>>>
Lemma That_zeros x : zeros (That T) x <-> zeros T x.
Proof.
  split.
  - intros [z [[[Hz _] | [_ [Hnz [t [v [Ht [Hv Hzv]]]]]]] Hz0]]; auto.
    exfalso; apply Hnz; exists v; split; auto.
    intro y; specialize (Hz0 y); rewrite Hzv in Hz0; nra.
  - intros [z [Hz Hz0]]; exists z; split; auto; apply T_sub_That; auto.
Qed.

Lemma That_equiv : op_equivalent T (That T).
Proof.
  split; [intro x; rewrite That_dom; tauto|].
  split; [intro x; rewrite That_zeros; tauto|].
  intros x Hd Hnz w; split.
  - intros [t [v [Ht [Hv Hw]]]]; exists t, v; repeat split; auto.
    right; repeat split; auto; apply cone_o_self; auto.
  - intros [t [u [Ht [[[Hz _] | [_ [_ [s [v [Hs [Hv Hu]]]]]]] Hw]]]]; [contradiction|].
    exists (t * s), v; repeat split; auto; [nra | intro y; rewrite Hw, Hu; ring].
Qed.

Lemma That_sub_polarD x xs : That T x xs -> polarD T x xs.
Proof.
  intro Hx; split.
  - apply That_dom; exists xs; auto.
  - eapply pseudomonotone_sub_polar; [exact That_pm | exact T_sub_That | exact Hx].
Qed.

Lemma That_no_proper_extension_of_eq :
  op_eq (That T) (polarD T) -> no_proper_pm_extension_same_dom (That T).
Proof.
  intros Heq S hS HS Hdom x xs Hx; apply Heq; split.
  - apply That_dom, Hdom; exists xs; auto.
  - eapply pseudomonotone_sub_polar; [exact hS | | exact Hx].
    intros y ys Hy; apply HS, T_sub_That; auto.
Qed.

End Hat.

Section Maximal.
Variables (X : Banach) (T S : op X).
Hypotheses (hT : pseudomonotone T) (hS : pseudomonotone S) (HTS : op_equivalent T S).
Implicit Types (x y : X) (xs ys : dual X).

Lemma equiv_cone_o y ys : dom T y -> ~ zeros T y -> S y ys -> cone_o (T y) ys.
Proof.
  intros Hd Hnz Hy; destruct HTS as [_ [HZ HC]].
  destruct (proj2 (HC y Hd Hnz ys) (cone_self Hy)) as [t [v [Ht [Hv Hys]]]].
  destruct (Req_dec t 0) as [-> | Ht0].
  - exfalso; apply Hnz, HZ; exists ys; split; auto.
    intro u; rewrite Hys; ring.
  - exists t, v; repeat split; auto; lra.
Qed.

Lemma polar_sim_p_off_zeros x xs y ys :
  polar T x xs -> S y ys -> ~ zeros T y -> sim_p x xs y ys.
Proof.
  intros Hpol Hy Hnz.
  assert (Hd : dom T y) by (apply (proj1 HTS); exists ys; auto).
  destruct (equiv_cone_o Hd Hnz Hy) as [t [v [Ht [Hv Hys]]]].
  exact (sim_p_scale_r Ht Hys (Hpol y v Hv)).
Qed.

(* If [y* ] separated [x] from [y] strictly, the test pair of [S] at the midpoint [z] of
   [x] and [y] would be flat along [y - z] while [y* ] strictly decreases along it. *)
Lemma polarD_sim_p_on_zeros x xs y ys :
  convex_set (dom T) -> polarD T x xs -> zeros T y -> S y ys -> sim_p x xs y ys.
Proof.
  intros Hconv [Hdx Hpol] [z0 [Hz0 Hz0zero]] Hy; apply sim_pE, NNPP; intro Hn.
  assert (Hxs : xs y - xs x = 0).
  { pose proof (Hpol y z0 Hz0) as H; rewrite sim_pE, !Hz0zero in H.
    destruct (Rtotal_order (xs y - xs x) 0) as [? | [? | ?]]; [tauto | auto | lra]. }
  assert (Hys : ys x - ys y > 0).
  { destruct (Rtotal_order (ys x - ys y) 0) as [? | [? | ?]]; [tauto | tauto | auto]. }
  set (z := vadd X (vscal X (/2) x) (vscal X (1 - /2) y)).
  assert (Hmid : forall f : dual X, f z = /2 * f x + (1 - /2) * f y)
    by (intro; apply dfun_convex).
  assert (Hdz : dom T z) by (apply Hconv; [auto | exists z0; auto | lra]).
  assert (Hflat : exists w, S z w /\ w y - w z >= 0).
  { destruct (classic (zeros T z)) as [Hzz | Hnzz].
    - destruct (proj1 (proj1 (proj2 HTS) z) Hzz) as [w [Hw Hw0]].
      exists w; split; auto; rewrite !Hw0; lra.
    - destruct (proj1 (proj1 HTS z) Hdz) as [w Hw].
      destruct (equiv_cone_o Hdz Hnzz Hw) as [t [v [Ht [Hv Hwv]]]].
      assert (Hvxy : v z - v y >= 0).
      { pose proof (hT Hz0 Hv) as H; rewrite !pairing_sub, !Hz0zero in H.
        apply H; lra. }
      assert (Hvz : v y - v z = 0).
      { pose proof (Hpol z v Hv) as Hsim; rewrite sim_pE in Hsim.
        rewrite (Hmid v) in Hvxy, Hsim |- *; rewrite (Hmid xs) in Hsim; lra. }
      exists w; split; auto; rewrite !Hwv.
      replace (t * v y - t * v z) with (t * (v y - v z)) by ring; rewrite Hvz; lra. }
  destruct Hflat as [w [Hw Hwyz]].
  pose proof (hS Hw Hy) as H; rewrite !pairing_sub in H.
  specialize (H Hwyz); rewrite Hmid in H; lra.
Qed.

Definition add_pair (R : op X) x xs : op X := fun a a1 => R a a1 \/ (a = x /\ a1 = xs).
Lemma reduces_congp x y u : reduces x u -> reduces y u -> congp p x y.
Proof.
move=> rx ry; have [hz z0] := reducesD rx (reducesN ry); rewrite subrr in z0.
rewrite /congp; move: (x - y) hz z0 => z hz z0.
have pd : ~~ (p %| `|denq z|)%N by rewrite -in_ZpE.
have pn : (p %| `|numq z|)%N.
  move: z0; rewrite /ratr => /eqP; rewrite mulf_eq0 invr_eq0 !intFp_eq0.
  by case/orP => // /(negP pd).
have [c hc] : exists c : int, numq z = c * p%:Z.
  by exists (numq z %/ p%:Z)%Z; rewrite divzK // dvdzE.
have p0 : p%:R != 0 :> rat by rewrite pnatr_eq0 -lt0n prime_gt0.
have eq : z / p%:R * (denq z)%:~R = c%:~R.
  by rewrite mulrAC -numqE hc intrM -pmulrn mulfK.
by have [] := reduces_frac pd eq.
Qed.

Lemma reduces_neq x y u v : reduces x u -> reduces y v -> ~ congp p x y -> u != v.
Proof. by move=> rx ry nxy; apply/eqP => uv; apply: nxy; apply: reduces_congp rx _; rewrite uv. Qed.

(* By Euler's criterion the Legendre symbol reduces to u^h. *)
Lemma reduces_legendre x u : reduces x u -> reduces (legendreQ p x) (u ^+ h).
Proof.
move=> [hx hu]; rewrite /legendreQ /= hu.
have [->|u0] := eqVneq u 0.
  by rewrite expr0n gtn_eqF; [exact: reduces_nat 0 | have := prime_gt1 p_prime; lia].
rewrite euler_criterion //.
by case: ifP => _; [exact: reduces_nat 1 | exact: reducesN (reduces_nat 1)].
Qed.

Lemma reduces_sigma1 n x u : reduces x u -> u != 1 -> reduces (sigma1 n x) (sigma1 n u).
Proof.
move=> rx u1; apply: reduces_sum => // k; apply: reducesM (reduces_nat _) _ => //.
apply/reducesX/reducesN/(reducesM rx)/reducesV.
  exact/(reducesM (reduces_nat 4))/reducesX/(reducesD rx)/reducesN/(reduces_nat 1).
by rewrite mulf_neq0 ?(pow2_neq0 pFp p_odd 2) // expf_neq0 // subr_eq0.
Qed.

Lemma reduces_sigma2 n x u : reduces x u -> u != 0 -> reduces (sigma2 n x) (sigma2 n u).
Proof.
move=> rx u0; apply: reduces_sum => k; apply: reducesM (reduces_nat _) _.
apply/reducesX/reducesN/reducesM; first exact/reducesX/(reducesD rx)/reducesN/(reduces_nat 1).
apply: reducesV; first exact: reducesM (reduces_nat 64) rx.
by rewrite mulf_neq0 ?(pow2_neq0 pFp p_odd 6).
Qed.
Definition is_prob (mu : G -> R) : Prop :=
  (forall s, 0 <= mu s) /\ (\esum_(s in [set: G]) (mu s)%:E = 1)%E.

Definition conv (mu nu : G -> R) (s : G) : R :=
  fine (\esum_(t in [set: G]) (mu t * nu (t^-1 * s)%g)%:E)%E.

Definition dirac_e (s : G) : R := if s == 1%g then 1 else 0.

Fixpoint convpow (mu : G -> R) (n : nat) : G -> R :=
  match n with
  | 0%N => dirac_e
  | n'.+1 => conv (convpow mu n') mu
  end.

(* sum over G of a real function (as the difference of the sums of its
   positive and negative parts; meaningful for absolutely summable f) *)
Definition gsum (f : G -> R) : R :=
  fine (\esum_(s in [set: G]) (Num.max (f s) 0)%:E)%E
  - fine (\esum_(s in [set: G]) (Num.max (- f s) 0)%:E)%E.

Definition finite_log_moment (w : G -> R) (mu : G -> R) : Prop :=
  (\esum_(s in [set: G]) (mu s * `|ln (w s)|)%:E < +oo)%E.

Definition ly_seq (w : G -> R) (mu : G -> R) (n : nat) : R :=
  n%:R^-1 * gsum (fun s => convpow mu n s * ln (w s)).

Definition Ly (w : G -> R) (mu : G -> R) : R := limn (ly_seq w mu).

Definition in_pow (S : seq G) (n : nat) (s : G) : Prop :=
  exists l : seq G, [/\ size l = n, all (fun x => x \in S) l & foldr (fun x y => (x * y)%g) 1%g l = s].

Definition symmetric_gen_set (S : seq G) : Prop :=
  [/\ 1%g \in S, (forall x, x \in S -> x^-1%g \in S) & forall s, exists n, in_pow S n s].

Definition wordlen (S : seq G) (s : G) : nat :=
  match pselect (exists n, `[< in_pow S n s >]) with
  | left h => ex_minn h
  | right _ => 0%N
  end.

Definition growth_seq (w : G -> R) (S : seq G) (n : nat) : R :=
  sup [set w s `^ (n%:R^-1) | s in [set s | in_pow S n s]].

Definition growth_rate (w : G -> R) (S : seq G) : R := limn (growth_seq w S).

Definition finite_first_moment (S : seq G) (mu : G -> R) : Prop :=
  (\esum_(s in [set: G]) (mu s * (wordlen S s)%:R)%:E < +oo)%E.

Definition speed_seq (S : seq G) (mu : G -> R) (n : nat) : R :=
  n%:R^-1 * fine (\esum_(s in [set: G]) (convpow mu n s * (wordlen S s)%:R)%:E)%E.

Definition speed (S : seq G) (mu : G -> R) : R := limn (speed_seq S mu).

End Defs.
<<<
Your task is to retype the entries verbatim, starting with the line that holds "fine (\esum_(t in" and stopping after the line that holds "Definition wordlen (S".

  fine (\esum_(t in [set: G]) (mu t * nu (t^-1 * s)%g)%:E)%E.

Definition dirac_e (s : G) : R := if s == 1%g then 1 else 0.

Fixpoint convpow (mu : G -> R) (n : nat) : G -> R :=
  match n with
  | 0%N => dirac_e
  | n'.+1 => conv (convpow mu n') mu
  end.

(* sum over G of a real function (as the difference of the sums of its
   positive and negative parts; meaningful for absolutely summable f) *)
Definition gsum (f : G -> R) : R :=
  fine (\esum_(s in [set: G]) (Num.max (f s) 0)%:E)%E
  - fine (\esum_(s in [set: G]) (Num.max (- f s) 0)%:E)%E.

Definition finite_log_moment (w : G -> R) (mu : G -> R) : Prop :=
  (\esum_(s in [set: G]) (mu s * `|ln (w s)|)%:E < +oo)%E.

Definition ly_seq (w : G -> R) (mu : G -> R) (n : nat) : R :=
  n%:R^-1 * gsum (fun s => convpow mu n s * ln (w s)).

Definition Ly (w : G -> R) (mu : G -> R) : R := limn (ly_seq w mu).

Definition in_pow (S : seq G) (n : nat) (s : G) : Prop :=
  exists l : seq G, [/\ size l = n, all (fun x => x \in S) l & foldr (fun x y => (x * y)%g) 1%g l = s].

Definition symmetric_gen_set (S : seq G) : Prop :=
  [/\ 1%g \in S, (forall x, x \in S -> x^-1%g \in S) & forall s, exists n, in_pow S n s].

Definition wordlen (S : seq G) (s : G) : nat :=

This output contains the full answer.